Appellee James T. Theodore filed for bankruptcy under Chapter 11 of the Bankruptcy Code
in February 2010. At the time, Theodore had not made payments on six mortgage notes held by
Fannie Mae for the preceding six months. Two weeks prior to his bankruptcy filing, Fannie Mae
had served Theodore with a notice of non-judicial foreclosure sale. Beginning in November 2010,
after Debtor filed his initial disclosure statement and plan and Fannie Mae objected, the parties
The facts are gleaned primarily from the Bankruptcy Court’s Memorandum of Decision
(Doc. 1 at 4-10). The entire Record is available at Docket Entry 2. Unless otherwise noted, the
relevant facts were stipulated by the parties or found without challenge by the bankruptcy court.
entered into negotiations. In October 2011, the Bankruptcy Court confirmed Debtor’s plan with
the consent of Fannie Mae.
In early 2016, Debtor moved to modify the plan, Fannie Mae objected, and the Bankruptcy
Court denied the motion. In March 2016, Fannie Mae transferred its interest in the mortgage notes
and security documents to American First Federal. In July 2016, Debtor and American First entered
into a loan modification agreement with respect to all six notes and agreed to modify the 2011
confirmed plan. Debtor filed a motion to modify the plan and confirmation order and a proposed
modified plan, to which American First consented. The Bankruptcy Court granted the motion
modifying the confirmation order in August. The Order incorporated the new loan modification
terms and specified “all other terms of the confirmed plan not specifically modified” remained in
effect. Both confirmed plans stated reaffirmation agreements shall only be enforceable if entered
into in accordance with 11 U.S.C. § 524. See Doc. 2-2 ¶ 11.4; Doc. 2-31 ¶ 11.4.
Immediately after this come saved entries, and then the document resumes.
(* Let $\{f_n\}_{n\ge 0}$ be the Fine numbers, determined by $f_0=1$, $f_1=0$ and $2(n+1)f_n=(7n-5)f_{n-1}+2(2n-1)f_{n-2}$ for $n\ge 2$. Then the sequence $\{f_n\}_{n\ge 2}$ is log-convex.
   Context: The Fine number $f_n$ counts Dyck paths from $(0,0)$ to $(2n,0)$ with no hills; the recurrence given determines them ($f_2=1,f_3=2,f_4=6,f_5=18,\dots$). A sequence $a_0,a_1,\ldots$ of nonnegative real numbers is log-convex if $a_{k-1}a_{k+1}\ge a_k^2$ for all $k\ge 1$. *)

From mathcomp Require Import all_boot all_order all_algebra.
Set Implicit Arguments. Unset Strict Implicit. Unset Printing Implicit Defensive.
Import Order.TTheory GRing.Theory Num.Theory.
Local Open Scope ring_scope.

(* fine_pair n = (f_n, f_{n+1}) *)
Fixpoint fine_pair (n : nat) : rat * rat :=
  match n with
  | 0%N => (1, 0)
  | m.+1 =>
      let (a, b) := fine_pair m in
      (* a = f_m, b = f_{m+1}; compute f_{m+2} with n' = m+2 *)
      (b, ((7 * (m.+2)%:R - 5) * b + 2 * (2 * (m.+2)%:R - 1) * a)
            / (2 * (m.+3)%:R))
  end.

Definition fine (n : nat) : rat := (fine_pair n).1.

Lemma fine0 : fine 0 = 1. Proof. by []. Qed.
Lemma fine1 : fine 1 = 0. Proof. by []. Qed.
Lemma fine_rec (n : nat) : (2 <= n)%N ->
  2 * (n.+1)%:R * fine n =
  (7 * n%:R - 5) * fine n.-1 + 2 * (2 * n%:R - 1) * fine n.-2.
Proof.
case: n => [|[|m]] //= _; rewrite /fine /=.
case: (fine_pair m) => a b /=.
rewrite mulrC divfK //.
by rewrite mulf_neq0 // pnatr_eq0.
Qed.

Definition log_convex (a : nat -> rat) : Prop :=
  (forall k, 0 <= a k) /\ (forall k, (1 <= k)%N -> a k.-1 * a k.+1 >= a k ^+ 2).

From mathcomp Require Import all_boot all_order all_algebra.
From mathcomp Require Import ring lra.
Import Order.TTheory GRing.Theory Num.Theory.
Local Open Scope ring_scope.

(* The ratio [f_(n+1)/f_n] lies in [[(4n+2)/(n+2), (4n+6)/(n+3)]] for
   [n >= 3], and this window is preserved by the recurrence.  Since the upper
   end of the window for [n-1] equals the lower end for [n], the ratios are
   nondecreasing, which is log-convexity. *)

Section RatioWindow.

Context {R : realFieldType}.

Lemma ratio_window_step (x a b c : R) : 3 <= x -> 0 < a ->
    (4 * x + 2) * a <= (x + 2) * b -> (x + 3) * b <= (4 * x + 6) * a ->
    2 * (x + 3) * c = (7 * x + 9) * b + (4 * x + 6) * a ->
  [/\ 0 < b, (4 * x + 6) * b <= (x + 3) * c & (x + 4) * c <= (4 * x + 10) * b].
Proof.
move=> x_ge3 a_gt0 lo hi rec.
have b_gt0 : 0 < b by nra.
split=> //.
- have -> : (x + 3) * c = ((7 * x + 9) * b + (4 * x + 6) * a) / 2.
    by rewrite -rec; field.
  lra.
- (* the upper bound gains the slack [42 x b] plus a multiple of the lower one *)
  have key : 2 * (x + 3) * (4 * x + 2) * ((4 * x + 10) * b - (x + 4) * c)
      = 42 * x * b + (x + 4) * (4 * x + 6) * ((x + 2) * b - (4 * x + 2) * a).
    have -> : 2 * (x + 3) * (4 * x + 2) * ((4 * x + 10) * b - (x + 4) * c)
        = 2 * (x + 3) * (4 * x + 2) * (4 * x + 10) * b
          - (4 * x + 2) * (x + 4) * (2 * (x + 3) * c) by ring.
    by rewrite rec; ring.
  nra.
Qed.

Lemma sqr_le_mul_of_ratios (p q a b c : R) : 0 < p -> 0 < a -> 0 < b ->
  p * b <= q * a -> q * b <= p * c -> b ^+ 2 <= a * c.
Proof. move=> p_gt0 a_gt0 b_gt0 hab hbc; nra. Qed.

End RatioWindow.

Lemma fine_recS n : 2 * (n%:R + 3) * fine n.+2
  = (7 * n%:R + 9) * fine n.+1 + (4 * n%:R + 6) * fine n.
Proof.
have e2 : n.+2%:R = n%:R + 2 :> rat by rewrite -addn2 natrD.
have e3 : n.+3%:R = n%:R + 3 :> rat by rewrite -addn3 natrD.
have := fine_rec (n := n.+2) isT; rewrite /= e2 e3 => ->.
ring.
Qed.

Definition fine_ratio_window n := [/\ 0 < fine n,
  (4 * n%:R + 2) * fine n <= (n%:R + 2) * fine n.+1
  & (n%:R + 3) * fine n.+1 <= (4 * n%:R + 6) * fine n].

Lemma fine_ratio_window_ge3 {n} : (3 <= n)%N -> fine_ratio_window n.
Proof.
elim: n => [//|n IH]; rewrite leq_eqVlt => /orP[/eqP[<-] | n_ge3].
  by split; vm_compute.
have [f_gt0 lo hi] := IH n_ge3.
have x_ge3 : 3 <= n%:R :> rat by rewrite (ler_nat _ 3).
have [] := @ratio_window_step _ _ _ _ _ x_ge3 f_gt0 lo hi (fine_recS n).
by rewrite /fine_ratio_window -natr1; split; lra.
Qed.

Lemma fine_gt0 {n} : (2 <= n)%N -> 0 < fine n.
Proof.
rewrite leq_eqVlt => /orP[/eqP<- | n_ge3]; first by vm_compute.
by have [] := fine_ratio_window_ge3 n_ge3.
Qed.

Lemma fine_sqr_le {n} : (3 <= n)%N -> fine n ^+ 2 <= fine n.-1 * fine n.+1.
Proof.
case: n => [//|n]; rewrite ltnS leq_eqVlt => /orP[/eqP<- | n_ge3].
  by vm_compute.
have [f_gt0 _ hi] := fine_ratio_window_ge3 n_ge3.
have [f'_gt0 lo _] := fine_ratio_window_ge3 (ltnW n_ge3 : (3 <= n.+1)%N).
apply: (@sqr_le_mul_of_ratios _ (n.+1%:R + 2) (4 * n.+1%:R + 2)) lo.
- by rewrite ltr_wpDl.
- exact: f_gt0.
- exact: f'_gt0.
- by move: hi; rewrite -natr1; lra.
Qed.

Theorem corollary3p2 : log_convex (fun k => fine k.+2).
Proof.
split=> [k | [|k] k_ge1].
- exact/ltW/fine_gt0.
- exfalso; by move: k_ge1.
- exact: (fine_sqr_le (n := k.+3)).
Qed.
In November 2016, Debtor filed a motion for entry of discharge and final decree to which
American First objected. On December 9, the Bankruptcy Court held a hearing on the motion and
objection at which only Debtor’s attorney and the United States Trustee’s representative appeared;
no representative of American First was in attendance. The Debtor requested the Bankruptcy Court
overrule the objection. American First had asserted the discharge order should state “any discharge
granted does not affect Mr. Theodore’s liability under the obligations currently held by [American
First]” based upon the post-petition, post-confirmation agreement. (Doc. 2-39 at 2.)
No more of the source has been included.